Another day, another example: a machine performing a complicated task at a speed and with a precision beyond the capability of the human beings who were doing the same job just days before. Whether it is laying bricks, reading legal case files or performing dental surgery, there appears to be no domain of work where robots can not only do it but obviously do it better than us. For those of you who like to feel inadequate, there is even a twitter account dedicated to keeping us up to date on our impending redundancy; humanvsmachine (a bot, appropriately enough) which shares side-by-side gifs of robots outperforming us in every conceivable way, demonstrating robotic supremacy a tweet at a time.

Illustrations by Oscar Bolton Green

There is no longer any serious debate that automation and AI are accelerating us towards profound societal change.

The question now is what we might do about it?

For some, the answer lies in a robust defence of human labour through decoupling from the global economy, reining the forces of free market and legislating for worker protections — we are going to keep humans in work by stopping the robots from taking it from us.

For others, the answer lies in the acceptance of the inevitability of human redundancy, abandoning paid work altogether and instituting some form of universal basic income (UBI) — we cannot compete with the machines as producers, but at least we can keep the economy going by keeping humans in as consumers.

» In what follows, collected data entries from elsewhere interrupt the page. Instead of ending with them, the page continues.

(* Let $\{\Delta_1,\dots,\Delta_r\}$ be a nef-partition of a reflexive polytope $\Delta$ with dual nef-partition $\{\nabla_1,\dots,\nabla_r\}$. Let $v$ be any lattice point of $\partial\Delta^*$ and $\Gamma(v)$ the minimal face of $\Delta^*$ containing $v$. Then $\Gamma(v)$ is a face of $\nabla_i$ for some $i\in\{1,\dots,r\}$.
   Context: Let $M\cong\mathbb Z^d$, $N=\mathrm{Hom}(M,\mathbb Z)$, $\langle\cdot,\cdot\rangle$ the pairing. A $d$-dimensional lattice polytope $\Delta\subset M_{\mathbb R}$ is reflexive if $\Delta=\{x:\langle x,e_k\rangle\ge-1,\ k=1,\dots,n\}$ with $e_k\in N$ the primitive inward facet normals; $\Delta^*=\mathrm{Conv}(e_1,\dots,e_n)$. A nef-partition of $\Delta$ is a Minkowski decomposition $\Delta=\Delta_1+\dots+\Delta_r$ into lattice polytopes with $\varphi_j(e_k)\in\{0,1\}$ for all $j,k$, where $\varphi_j(y)=-\min_{x\in\Delta_j}\langle x,y\rangle$. The dual nef-partition consists of $\nabla_j=\mathrm{Conv}(\{0\}\cup\{e_k:\varphi_j(e_k)=1\})\subset N_{\mathbb R}$; it is known that $\Delta^*=\mathrm{Conv}(\nabla_1\cup\dots\cup\nabla_r)$. *)

(* real vector spaces M_R = N_R = 'rV[R]_d over R : realType,
   with M = N = Z^d (dual bases) and the pairing <x,y> = sum_i x_i y_i. *)
From HB Require Import structures.
From mathcomp Require Import all_boot all_order all_algebra.
From mathcomp Require Import reals.
Set Implicit Arguments. Unset Strict Implicit. Unset Printing Implicit Defensive.
Import Order.TTheory GRing.Theory Num.Theory.
Local Open Scope ring_scope.

Section Polytopes.
Variables (R : realType) (d : nat).

Definition pset := 'rV[R]_d -> Prop.

Definition pairing (x y : 'rV[R]_d) : R := \sum_(i < d) x ord0 i * y ord0 i.

Definition integral (x : 'rV[R]_d) : Prop :=
  forall i : 'I_d, exists z : int, x ord0 i = z%:~R.

Definition primitive (y : 'rV[R]_d) : Prop :=
  integral y /\ y != 0 /\
  forall m : nat, (1 < m)%N -> ~ integral ((m%:R)^-1 *: y).

Definition conv (A : pset) : pset := fun x =>
  exists (n : nat) (p : 'I_n -> 'rV[R]_d) (w : 'I_n -> R),
    [/\ forall i, A (p i), forall i, 0 <= w i, \sum_i w i = 1
      & x = \sum_i w i *: p i].

Definition lattice_polytope (P : pset) : Prop :=
  exists S : seq 'rV[R]_d, (forall s, s \in S -> integral s) /\
    forall x, P x <-> conv (fun y => y \in S) x.

Definition interior (P : pset) (x : 'rV[R]_d) : Prop :=
  exists2 eps : R, 0 < eps &
    forall z : 'rV[R]_d, (forall i, `|z ord0 i| <= eps) -> P (x + z).
Definition boundary (P : pset) (x : 'rV[R]_d) : Prop := P x /\ ~ interior P x.
Definition full_dim (P : pset) : Prop := exists x, interior P x.

(* faces: intersections with supporting hyperplanes (P itself and the
   empty set included) *)
Definition face (P F : pset) : Prop :=
  exists (y : 'rV[R]_d) (c : R),
    (forall x, P x -> c <= pairing x y) /\
    (forall x, F x <-> P x /\ pairing x y = c).

Definition set_sub (A B : pset) : Prop := forall x, A x -> B x.
Definition set_eq (A B : pset) : Prop := forall x, A x <-> B x.

Definition facet (P F : pset) : Prop :=
  [/\ face P F, (exists x, F x), (exists x, P x /\ ~ F x) &
      forall G, face P G -> set_sub F G -> set_eq G F \/ set_eq G P].

Definition min_face (P : pset) (v : 'rV[R]_d) (G : pset) : Prop :=
  [/\ face P G, G v & forall F, face P F -> F v -> set_sub G F].

(* Delta is reflexive with (duplicate-free) list e of its primitive inward
   facet normals: Delta = {x : <x,e_k> >= -1}. *)
Definition reflexive_polytope (Delta : pset) (e : seq 'rV[R]_d) : Prop :=
  [/\ lattice_polytope Delta, full_dim Delta, uniq e,
      (forall y, y \in e -> primitive y) &
      [/\ (forall y, y \in e -> facet Delta (fun x => Delta x /\ pairing x y = -1)),
          (forall F, facet Delta F -> exists2 y, y \in e &
              set_eq F (fun x => Delta x /\ pairing x y = -1))
        & forall x, Delta x <-> forall y, y \in e -> -1 <= pairing x y]].

(* phi_P(y) = c, where phi_P(y) = - min_{x in P} <x,y> *)
Definition phi_is (P : pset) (y : 'rV[R]_d) (c : R) : Prop :=
  (exists2 x, P x & pairing x y = - c) /\ (forall x, P x -> - c <= pairing x y).

Definition nef_partition (Delta : pset) (e : seq 'rV[R]_d) (r : nat)
    (D : 'I_r -> pset) : Prop :=
  [/\ forall j, lattice_polytope (D j),
      (forall x, Delta x <-> exists xs : 'I_r -> 'rV[R]_d,
          (forall j, D j (xs j)) /\ x = \sum_j xs j)
    & forall j y, y \in e -> phi_is (D j) y 0 \/ phi_is (D j) y 1].

Definition dual_poly (e : seq 'rV[R]_d) : pset := conv (fun y => y \in e).

Definition nabla (e : seq 'rV[R]_d) (r : nat) (D : 'I_r -> pset) (j : 'I_r)
  : pset := conv (fun y => y = 0 \/ (y \in e /\ phi_is (D j) y 1)).

End Polytopes.

(* A boundary point [v] of [Delta^*] has a supporting hyperplane; as [Delta] is
   bounded, its normal can be scaled to a point [x] of [Delta] with
   [<x, v> = -1].  Split [x = x_1 + ... + x_r] along the nef-partition and move
   each [x_j] to a lattice vertex [s_j] of [Delta_j] not increasing [<., v>]:
   the integers [<s_j, v>] sum to at most [-1], so [<s_i, v> <= -1] for some
   [i].  As [<s_i, e_k> >= -phi_i(e_k) >= -1], the hyperplane [<., s_i> = -1]
   supports [Delta^*] at [v], hence contains [Gamma(v)], and every [e_k] in
   [Gamma(v)] has [<s_i, e_k> = -1], forcing [phi_i(e_k) = 1], i.e.
   [e_k \in nabla_i].  A functional cutting [Gamma(v)] out of [Delta^*], plus
   a large multiple of [s_i], cuts it out of [nabla_i]. *)

From HB Require Import structures.
From mathcomp Require Import all_boot all_order all_algebra.
From mathcomp Require Import reals.
From mathcomp Require Import lra zify.
From Stdlib Require Import Classical.
Set Implicit Arguments. Unset Strict Implicit. Unset Printing Implicit Defensive.
Import Order.TTheory GRing.Theory Num.Theory.
Local Open Scope ring_scope.

Section Pairing.
Variables (R : realType) (d : nat).
Implicit Types (x y z : 'rV[R]_d).
Local Notation pairing := (@pairing R d).

Lemma pairingC x y : pairing x y = pairing y x.
Proof. by apply: eq_bigr => i _; rewrite mulrC. Qed.

Lemma pairingDl x y z : pairing (x + y) z = pairing x z + pairing y z.
Proof. by rewrite /pairing -big_split; apply: eq_bigr => i _; rewrite mxE mulrDl. Qed.

Lemma pairingZl a x z : pairing (a *: x) z = a * pairing x z.
Proof. by rewrite /pairing mulr_sumr; apply: eq_bigr => i _; rewrite mxE mulrA. Qed.

Lemma pairing0l z : pairing 0 z = 0.
Proof. by rewrite -(scale0r 0) pairingZl mul0r. Qed.

Lemma pairingBl x y z : pairing (x - y) z = pairing x z - pairing y z.
Proof. by rewrite pairingDl -scaleN1r pairingZl mulN1r. Qed.

Lemma pairingDr x y z : pairing z (x + y) = pairing z x + pairing z y.
Proof. by rewrite !(pairingC z) pairingDl. Qed.

Lemma pairingZr a x z : pairing z (a *: x) = a * pairing z x.
Proof. by rewrite !(pairingC z) pairingZl. Qed.

Lemma pairing0r z : pairing z 0 = 0.
Proof. by rewrite pairingC pairing0l. Qed.

Lemma pairingBr x y z : pairing z (x - y) = pairing z x - pairing z y.
Proof. by rewrite !(pairingC z) pairingBl. Qed.

Lemma pairing_suml (I : Type) (r : seq I) (P : pred I) (F : I -> 'rV[R]_d) z :
  pairing (\sum_(i <- r | P i) F i) z = \sum_(i <- r | P i) pairing (F i) z.
Proof. by elim/big_rec2: _ => [|i y1 y2 _ <-]; rewrite ?pairing0l ?pairingDl. Qed.

Lemma pairing_self_gt0 x : x != 0 -> 0 < pairing x x.
Proof.
have sq_ge0 i : true -> 0 <= x ord0 i * x ord0 i by rewrite -expr2 sqr_ge0.
move=> x_neq0; rewrite lt_def sumr_ge0 // andbT.
apply: contra x_neq0 => /eqP x0; apply/eqP/rowP => i.
have := psumr_eq0P sq_ge0 x0 (i := i) isT.
by move/eqP; rewrite mulf_eq0 orbb (ord1 ord0) mxE => /eqP.
Qed.

Lemma pairing_convex_comb_ge n (p : 'I_n -> 'rV[R]_d) (w : 'I_n -> R) y c :
  (forall i, 0 <= w i) -> \sum_i w i = 1 -> (forall i, c <= pairing (p i) y) ->
  c <= pairing (\sum_i w i *: p i) y.
Proof.
move=> w_ge0 w_sum1 cp; rewrite pairing_suml -[c]mul1r -w_sum1 mulr_suml.
by apply: ler_sum => i _; rewrite pairingZl ler_wpM2l.
Qed.
(* The columns of [mx2 1 (J 0 0) 0 (J 1 0)] are [e_1] and [J e_1]. *)
Lemma mx_conj_companion (J : M) (x : R) : J * J = x%:M ->
  J * mx2 1 (J 0 0) 0 (J 1 0) = mx2 1 (J 0 0) 0 (J 1 0) * companion2 x.
Proof.
move=> JJ; have := congr1 (fun A : M => A 0 0) JJ; have := congr1 (fun A : M => A 1 0) JJ.
rewrite !mulmx2E !mxE /= mulr1n mulr0n => J10 J00.
by apply: matrix2P; rewrite !mulmx2E !mxE /= ?(mulr0, mul0r, mulr1, mul1r, addr0, add0r).
Qed.

Lemma mx2_unitriangular_inv (x y y' : R) : y * y' = 1 -> y' * y = 1 ->
  mx2 1 x 0 y * mx2 1 (- (x * y')) 0 y' = 1 /\ mx2 1 (- (x * y')) 0 y' * mx2 1 x 0 y = 1.
Proof.
move=> yy' y'y; rewrite !mulmx2_mx2 mx2_1 !(mulr0, mul0r, mulr1, mul1r, addr0, add0r).
by rewrite addNr yy' mulNr -mulrA y'y mulr1 addrN.
Qed.

Lemma companion2_centralizer (x : R) (X : M) : (forall y, x * y = y * x) ->
  (companion2 x * X = X * companion2 x) <-> X = mx2 (X 0 0) (x * X 1 0) (X 1 0) (X 0 0).
Proof.
move=> xX; split => [C | ->].
  have := congr1 (fun A : M => A 0 0) C; have := congr1 (fun A : M => A 1 0) C.
  rewrite !mulmx2E !mxE /= !(mulr0, mul0r, mulr1, mul1r, addr0, add0r) => X11 X01.
  by apply: matrix2P; rewrite !mxE.
rewrite /companion2 !mulmx2_mx2 !(mulr0, mul0r, mulr1, mul1r, addr0, add0r).
by rewrite -!xX.
Qed.

End Companion.

Lemma mulrn_mx_inj (V : lmodType rat) (m n k : nat) (A B : 'M[V]_(m, n)) :
  (0 < k)%N -> A *+ k = B *+ k -> A = B.
Proof.
move=> k_gt0 /matrixP AB; apply/matrixP => i j; move: (AB i j).
rewrite !mulmxnE -!scaler_nat => /(scalerI _); apply.
by rewrite pnatr_eq0 -lt0n.
Qed.

Lemma rmorph_alg_quat_mx (a b : int) (D : fieldExtType rat)
    (i : {rmorphism D -> 'M[Hq a b]_2}) (c : rat) :
  i c%:A = (quatC c)%:M.
Proof.
have den_gt0 : (0 < `|denq c|)%N by rewrite absz_gt0 denq_neq0.
have c_den : c *+ `|denq c| = (numq c)%:~R.
  by rewrite -mulr_natr natr_absz gtr0_norm ?denq_gt0 // -numqE.
suff E : i c%:A *+ `|denq c| = (quatC c)%:M *+ `|denq c| by exact: mulrn_mx_inj E.
rewrite -[LHS]rmorphMn scalerMnl c_den scaler_int rmorph_int.
by rewrite -raddfMn /quatC scalerMnl c_den scaler_int raddfMz.
Qed.

Section Centralizer.
Variables (a b : int) (D : fieldExtType rat) (d : rat) (delta : D).
Hypotheses (a_lt0 : a < 0) (b_lt0 : b < 0) (d_gt0 : 0 < d)
  (d_nonsq : forall r : rat, r ^+ 2 != d) (delta_sqr : delta ^+ 2 = d%:A)
  (dimD : \dim {: D} = 2%N).
Local Notation H := (Hq a b).
Local Notation M := ('M[H]_2).
Local Notation HD := (HqD D a b).

Let a_lt0' : (a%:~R : rat) < 0. Proof. by rewrite ltrz0. Qed.
Let b_lt0' : (b%:~R : rat) < 0. Proof. by rewrite ltrz0. Qed.

Definition quat_ext (x : H) : HD :=
  let: (x0, x1, x2, x3) := x in (x0%:A, x1%:A, x2%:A, x3%:A).

Arguments quat_ext : simpl never.

Lemma quat_extD x y : quat_ext (x + y) = quat_ext x + quat_ext y.
Proof.
case: x y => [[[x0 x1] x2] x3] [[[y0 y1] y2] y3].
by rewrite quat_addE /quat_ext quat_addE -!in_algE !rmorphD.
Qed.

Lemma quat_extM x y : quat_ext (x * y) = quat_ext x * quat_ext y.
Proof.
case: x y => [[[x0 x1] x2] x3] [[[y0 y1] y2] y3].
by rewrite quat_mulE /quat_ext quat_mulE -!in_algE !(rmorphD, rmorphN, rmorphM, rmorph_int).
Qed.

Lemma quat_ext0 : quat_ext 0 = 0.
Proof. by rewrite /quat_ext /= scale0r. Qed.

Lemma quat_ext1 : quat_ext 1 = 1.
Proof. by rewrite /quat_ext /= scale1r scale0r. Qed.

Lemma quat_extC c : quat_ext (quatC c) = quatC c%:A.
Proof. by rewrite !quatCE /quat_ext scale0r. Qed.
(* On the unit circle (c, s), with A = quartic a_1 and B = quartic b_1: the radial
   component cA + sB of the first order perturbation, and c times its angular
   component cB - sA. *)
Definition radial (a b : nat -> nat -> nat -> R) (c s : R) : R :=
  c * quartic (a 1%nat) c s + s * quartic (b 1%nat) c s.

Definition twist (a b : nat -> nat -> nat -> R) (c s : R) : R :=
  c * (c * quartic (b 1%nat) c s - s * quartic (a 1%nat) c s).

(* First order term of dr/dθ.  After differentiation at ε = 0 the denominator
   (x ẏ - y ẋ)/r^2 reduces to c^2 + s^2 = 1. *)
Lemma F1_formula lam a b th r : r <> 0 ->
  F1 lam a b th r =
  lam 1%nat * r + r ^ 4 * radial a b (cos th) (sin th) - r ^ 7 * twist a b (cos th) (sin th).
Proof.
intros Hr. unfold F1, radial, twist. apply is_derive_unique.
pose proof (cos_sin_sq th) as Hcs.
unfold drdth, xdot, ydot; rewrite !quartic_hom.
revert Hcs; generalize (cos th) (sin th); intros c s Hcs.
auto_derive.
all: match goal with |- context [?E * / (?r * (?r * 1))] =>
  replace E with (r ^ 2) by (transitivity (r ^ 2 * (c ^ 2 + s ^ 2)); [rewrite Hcs | ]; ring) end.
- cbn [pow]; rewrite Rinv_r; [lra | apply Rmult_integral_contrapositive; split; lra].
- (* the remaining identity is a multiple of c^2 + s^2 - 1 *)
  field_simplify_eq; [|exact Hr]. apply Rminus_diag_uniq.
  set (A := quartic (a 1%nat) c s); set (B := quartic (b 1%nat) c s).
  transitivity ((c ^ 2 + s ^ 2 - 1) *
    ((c ^ 2 + s ^ 2 + 1) * r ^ 10 * c * (s * A - c * B) + r ^ 4 * lam 1%nat));
    [ring | rewrite Hcs; ring].
Qed.

Lemma integrand_formula lam a b z s : 0 < z -> 0 < 1 - 3 * z ^ 3 * sin s ->
  / Ysol s z * F1 lam a b s (rsol s z) =
  lam 1%nat * z * (1 - 3 * z ^ 3 * sin s) + z ^ 4 * radial a b (cos s) (sin s)
  - z ^ 7 * (twist a b (cos s) (sin s) / (1 - 3 * z ^ 3 * sin s)).
Proof.
intros Hz Hu. unfold Ysol, rsol.
set (u := 1 - 3 * z ^ 3 * sin s) in *.
assert (HU : 0 < Rpower u (-(1/3))) by (unfold Rpower; apply exp_pos).
assert (HY : Rpower u (-(4/3)) = Rpower u (-(1/3)) ^ 4).
{ rewrite <- (Rpower_pow 4 _ HU), Rpower_mult. f_equal. simpl; field. }
assert (Hu3 : u = / Rpower u (-(1/3)) ^ 3) by (rewrite Rpower_third_cube, Rinv_inv; auto).
rewrite HY, F1_formula by (apply Rmult_integral_contrapositive; split; lra).
revert HU Hu3; generalize (Rpower u (-(1/3))); intros U HU Hu3.
rewrite Hu3. field. lra.
Qed.

(* Using c^2 = 1 - s^2, the radial part is cos·(poly in sin) + sin·(poly in cos),
   and the twist is cos·(odd part) + (even part), both polynomials in sin. *)
Definition radial_cos (a b : nat -> nat -> nat -> R) (t : R) : R :=
  (a 1%nat 0%nat 4%nat + b 1%nat 1%nat 3%nat) * t ^ 4
  + (a 1%nat 2%nat 2%nat + b 1%nat 3%nat 1%nat) * (1 - t ^ 2) * t ^ 2
  + a 1%nat 4%nat 0%nat * (1 - t ^ 2) ^ 2.
(* Let $n\ge 2$, $c\ge 2$, $d$ prime, and $f:\mathbb{Z}_c^n\to\mathbb{Z}_d$. The distribution $$p(\mathbf{m}|\mathbf{s})=\begin{cases} d^{1-n} & \text{if } \sum_{j=1}^n m_j\equiv f(\mathbf{s}) \pmod d,\\ 0&\text{otherwise},\end{cases}$$ is a vertex (extreme point) of the non-signaling polytope $\mathcal{NS}$ if and only if $f$ is not bi-partite linear.
   Context: $\mathcal{NS}$ is the convex polytope of conditional distributions $p(\mathbf{m}|\mathbf{s})$, $\mathbf{m}\in\mathbb{Z}_d^n$, $\mathbf{s}\in\mathbb{Z}_c^n$, that are non-signaling: for every subset $S$ of parties, the marginal of $(m_j)_{j\in S}$ depends only on $(s_j)_{j\in S}$. A bipartition $\{A,B\}$ of $\{1,\dots,n\}$ is a division into two disjoint non-empty sets whose union is $\{1,\dots,n\}$. The function $f$ is bi-partite linear if there exist a bipartition $\{A,B\}$ and functions $f^A$ of $\mathbf{s}^A=(s_j)_{j\in A}$ and $f^B$ of $\mathbf{s}^B=(s_j)_{j\in B}$, valued in $\mathbb{Z}_d$, with $f(\mathbf{s})=f^A(\mathbf{s}^A)+f^B(\mathbf{s}^B)$ (mod $d$) for all $\mathbf{s}$. *)

From HB Require Import structures.
From mathcomp Require Import all_boot all_order all_algebra.
Set Implicit Arguments. Unset Strict Implicit. Unset Printing Implicit Defensive.
Import Order.TTheory GRing.Theory Num.Theory.
Local Open Scope ring_scope.

(* Outputs m in Z_d^n, inputs s in Z_c^n (inputs are mere labels: 'I_c). *)
Definition outs (n d : nat) := {ffun 'I_n -> 'Z_d}.
Definition ins (n c : nat) := {ffun 'I_n -> 'I_c}.

Definition behaviour (R : realFieldType) (n c d : nat) := outs n d -> ins n c -> R.

Definition is_cond_distr (R : realFieldType) n c d (p : behaviour R n c d) : Prop :=
  (forall m s, 0 <= p m s) /\ (forall s, \sum_(m : outs n d) p m s = 1).

Definition marginal (R : realFieldType) n c d (p : behaviour R n c d)
  (S : {set 'I_n}) (m0 : outs n d) (s : ins n c) : R :=
  \sum_(m : outs n d | [forall j in S, m j == m0 j]) p m s.

Definition in_NS (R : realFieldType) n c d (p : behaviour R n c d) : Prop :=
  is_cond_distr p /\
  forall (S : {set 'I_n}) (m0 : outs n d) (s s' : ins n c),
    (forall j, j \in S -> s j = s' j) ->
    marginal p S m0 s = marginal p S m0 s'.

Definition is_vertex_NS (R : realFieldType) n c d (p : behaviour R n c d) : Prop :=
  in_NS p /\
  forall (q r : behaviour R n c d) (t : R),
    in_NS q -> in_NS r -> 0 < t -> t < 1 ->
    (forall m s, p m s = t * q m s + (1 - t) * r m s) ->
    (forall m s, q m s = p m s) /\ (forall m s, r m s = p m s).

Definition depends_only_on n c d (A : {set 'I_n}) (g : ins n c -> 'Z_d) : Prop :=
  forall s s' : ins n c, (forall j, j \in A -> s j = s' j) -> g s = g s'.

Illustrations by Oscar Bolton Green

And in between these extremes is the ‘optimistic middle’ where new models of work are being developed, such as the vision of the ‘centaur’ worker — a human augmented by robots, rather than being replaced by them. It is also from this optimistic middle that we can draw upon another potential answer. One that neither rejects technology nor embraces it but rather rejects the logic that has driven much of technology innovation over the past 300 years. This is the idea that things and services are valuable not only in of themselves, but also because of the fact that it is people that make and do them. For an economist, this is the return of the labour theory of value. It might also be described as the return of the artisanal economy.